Comment les jeunes ont-ils repris le chemin du festival ?


Il y a eu pendant très longtemps un problème sur la présence des étudiants pendant le Festival d'Avignon, pour une raison rencontrée par beaucoup de villes culturelles et touristiques : la pression du logement. Une partie des étudiants locaux partent pendant le Festival d'Avignon. Certains sont mis à la porte par leurs propriétaires. D’autres sous-louent leur appartement. Cela a évolué avec Hortense Archambault et Vincent Baudriller (respectivement directrice et directeur du festival de 2003 à 2013) et Olivier Py (directeur du festival depuis 2013 et jusqu'en 2022 inclus).


Ce dernier a eu une adresse particulière au monde universitaire et étudiant.
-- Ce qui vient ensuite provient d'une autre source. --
(* Write xbar x for x_{\bar p}: it keeps exactly the inversions of x between
   entries of the same block.  By translationality, the coefficient of x in
   c(u) .S c(v) is 1 iff xbar x is congruent to u x v.  The coefficient of x in
   c(u .Z v) is that of the minimum m of the class of x, which is 1 iff
   xbar m = u x v.  Since m <= x, xbar m and xbar x are the meets of m and of x
   with xbar x, hence congruent.  Moreover xbar m and u x v are class minima,
   and congruent class minima coincide.  Unit and injectivity hold because
   every class has exactly one minimum. *)

From mathcomp Require Import all_boot all_order all_fingroup all_algebra.
From mathcomp Require Import zify.
Import GRing.Theory.

Set Implicit Arguments.
Unset Strict Implicit.
Unset Printing Implicit Defensive.

Section PermutationsFromOrders.
Variable n : nat.

Lemma card_ord_ltn m : m <= n -> #|[set c : 'I_n | c < m]| = m.
Proof.
move=> le_mn; have -> : [set c : 'I_n | c < m] = widen_ord le_mn @: 'I_m.
  apply/setP => c; rewrite inE; apply/idP/imsetP => [lt_cm|[j _ ->]] //=.
  by exists (Ordinal lt_cm) => //; apply: val_inj.
by rewrite card_imset ?card_ord // => i j /(congr1 val) /= /val_inj.
Qed.

Lemma card_perm_ltn (s : 'S_n) i : #|[set j | s j < s i]| = s i.
Proof.
have -> : [set j | s j < s i] = s @^-1: [set c : 'I_n | c < s i].
  by apply/setP => j; rewrite !inE.
by rewrite card_preimset ?card_ord_ltn //; [apply: ltnW | apply: perm_inj].
Qed.

Lemma eq_perm_ltn (s t : 'S_n) :
  (forall i j, (s i < s j) = (t i < t j)) -> s = t.
Proof.
move=> eq_lt; apply/permP => i; apply: val_inj.
rewrite /= -card_perm_ltn -[RHS]card_perm_ltn.
by apply: eq_card => j; rewrite !inE eq_lt.
Qed.
(* Let $\mathcal C,\mathcal D$ be strict monoidal categories, $F:\mathcal D\to\mathcal C$ a strong comonoidal functor with a left adjoint $\overline F:\mathcal C\to\mathcal D$, where $\overline F$ is equipped with a comonoidal structure $(\overline F^2,\overline F^0)$ such that the adjunction is comonoidal (i.e. its unit $\eta:\mathrm{Id}_{\mathcal C}\to F\overline F$ and counit are comonoidal transformations). Let $G$ be a comonoidal endofunctor of $\mathcal D$ and $(X,\gamma_X)\in\mathcal Z^G_{\mathrm{lax}}(\mathcal D)$. Define, for $V\in\mathcal C$, $$\gamma_{FX,V}:=F^2(G\overline F V,X)\circ F(\gamma_{X,\overline F V})\circ F^{-2}(X,\overline FV)\circ(FX\otimes\eta_V):FX\otimes V\to (FG\overline F)(V)\otimes FX.$$ Then $\gamma_{FX}$ is a lax $(FG\overline F)$-half-braiding on $FX$ (with $FG\overline F$ carrying the composite comonoidal structure), and $F_*:(X,\gamma_X)\mapsto(FX,\gamma_{FX})$, $f\mapsto F(f)$ defines a functor $F_*:\mathcal Z^G_{\mathrm{lax}}(\mathcal D)\to\mathcal Z^{FG\overline F}_{\mathrm{lax}}(\mathcal C)$.
   Context: All monoidal categories are strict. A comonoidal functor is a triple $(F,F^2,F^0)$ with $F^0:F(\mathbf 1)\to\mathbf 1$ and $F^2(X,Y):F(X\otimes Y)\to FX\otimes FY$ natural, satisfying $(F^2(X,Y)\otimes FZ)F^2(X\otimes Y,Z)=(FX\otimes F^2(Y,Z))F^2(X,Y\otimes Z)$ and $(FX\otimes F^0)F^2(X,\mathbf 1)=\mathrm{id}=(F^0\otimes FX)F^2(\mathbf 1,X)$; it is strong if $F^2,F^0$ are invertible, and $F^{-2}$ denotes the inverse of $F^2$. Composite comonoidal structure: $(GF)^2(X,Y)=G^2(FX,FY)\circ G(F^2(X,Y))$, $(GF)^0=G^0\circ G(F^0)$. A comonoidal transformation $\alpha:F\to K$ satisfies $(\alpha_X\otimes\alpha_Y)F^2(X,Y)=K^2(X,Y)\alpha_{X\otimes Y}$ and $K^0\alpha_{\mathbf 1}=F^0$. For a comonoidal endofunctor $F$ of $\mathcal C$, a lax $F$-half-braiding on $X$ is a family $\gamma_{X,V}:X\otimes V\to FV\otimes X$ natural in $V$ with $(F^2(V,W)\otimes X)\gamma_{X,V\otimes W}=(FV\otimes\gamma_{X,W})(\gamma_{X,V}\otimes W)$ and $(F^0\otimes X)\gamma_{X,\mathbf 1}=\mathrm{id}_X$. $\mathcal Z^F_{\mathrm{lax}}(\mathcal C)$ is the category of pairs $(X,\gamma_X)$ with morphisms those $f:X_1\to X_2$ in $\mathcal C$ satisfying $(FV\otimes f)\gamma_{X_1,V}=\gamma_{X_2,V}(f\otimes V)$ for all $V$. *)

(* Strictness of the monoidal structure is encoded by equalities of
   objects (associativity, unit laws) together with the corresponding equalities
   of morphisms, transported along those object equalities via [idtoiso]. *)

Record Category := {
  ob :> Type;
  hom : ob -> ob -> Type;
  idm : forall a, hom a a;
  comp : forall a b c, hom b c -> hom a b -> hom a c;
  comp_assoc : forall a b c d (h : hom c d) (g : hom b c) (f : hom a b),
      comp a c d h (comp a b c g f) = comp a b d (comp b c d h g) f;
  comp_id_l : forall a b (f : hom a b), comp a b b (idm b) f = f;
  comp_id_r : forall a b (f : hom a b), comp a a b f (idm a) = f
}.
Arguments hom {c} _ _ : rename.
Arguments idm {c} a : rename.
Arguments comp {c a b c0} _ _ : rename.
Comment attirer à la fois les jeunes et tout ceux qui n'iraient pas naturellement au théâtre ? Le festival d'Avignon se voulant un lieu d'éducation populaire, un travail est réalisé pour que l’école ou d’autres actions publiques donnent envie d’aller vers la culture. En général, à Avignon, le public est plutôt issu de la classe moyenne, et les spectateurs n’hésitent pas à investir un gros budget, pour se payer des places de théâtre, manger, se loger …


La particularité du Festival, dites-vous, c’est qu’on le fréquente en fait toute sa vie …


Tout d’abord, il faut en être très heureux. Il existe des tas de pratiques, et de festivals, comme à Cannes, où quand nos corps vieillissent, on est mis à la porte. Au contraire, Avignon est un festival que l’on peut pratiquer tout au long de sa vie. Mais depuis quinze ans, le public a rajeuni. La moyenne d’âge a augmenté au XXe siècle, partant de 29 ans en 1960 à 59 ans dans la fin des années 1990 et 2000. C’est un public constitué, dont l’âge suit celui des premières générations de spectateurs.


Aujourd’hui, la moyenne d'âge est repassée à 42 ans. Un grand nombre de retraités et de jeunes donc, mais comme beaucoup de pratiques culturelles, la tranche d’âge qui fait un peu défection sont les trentenaires et les quadragénaires. Ce qui est étonnant, c'est l'importance que revêt l’événement pour les festivaliers, quel que soit leur âge. Quand les gens font une première fois cette expérience, ils y retournent toute leur vie. C’est pour cela qu’on vieillit avec le Festival d’Avignon.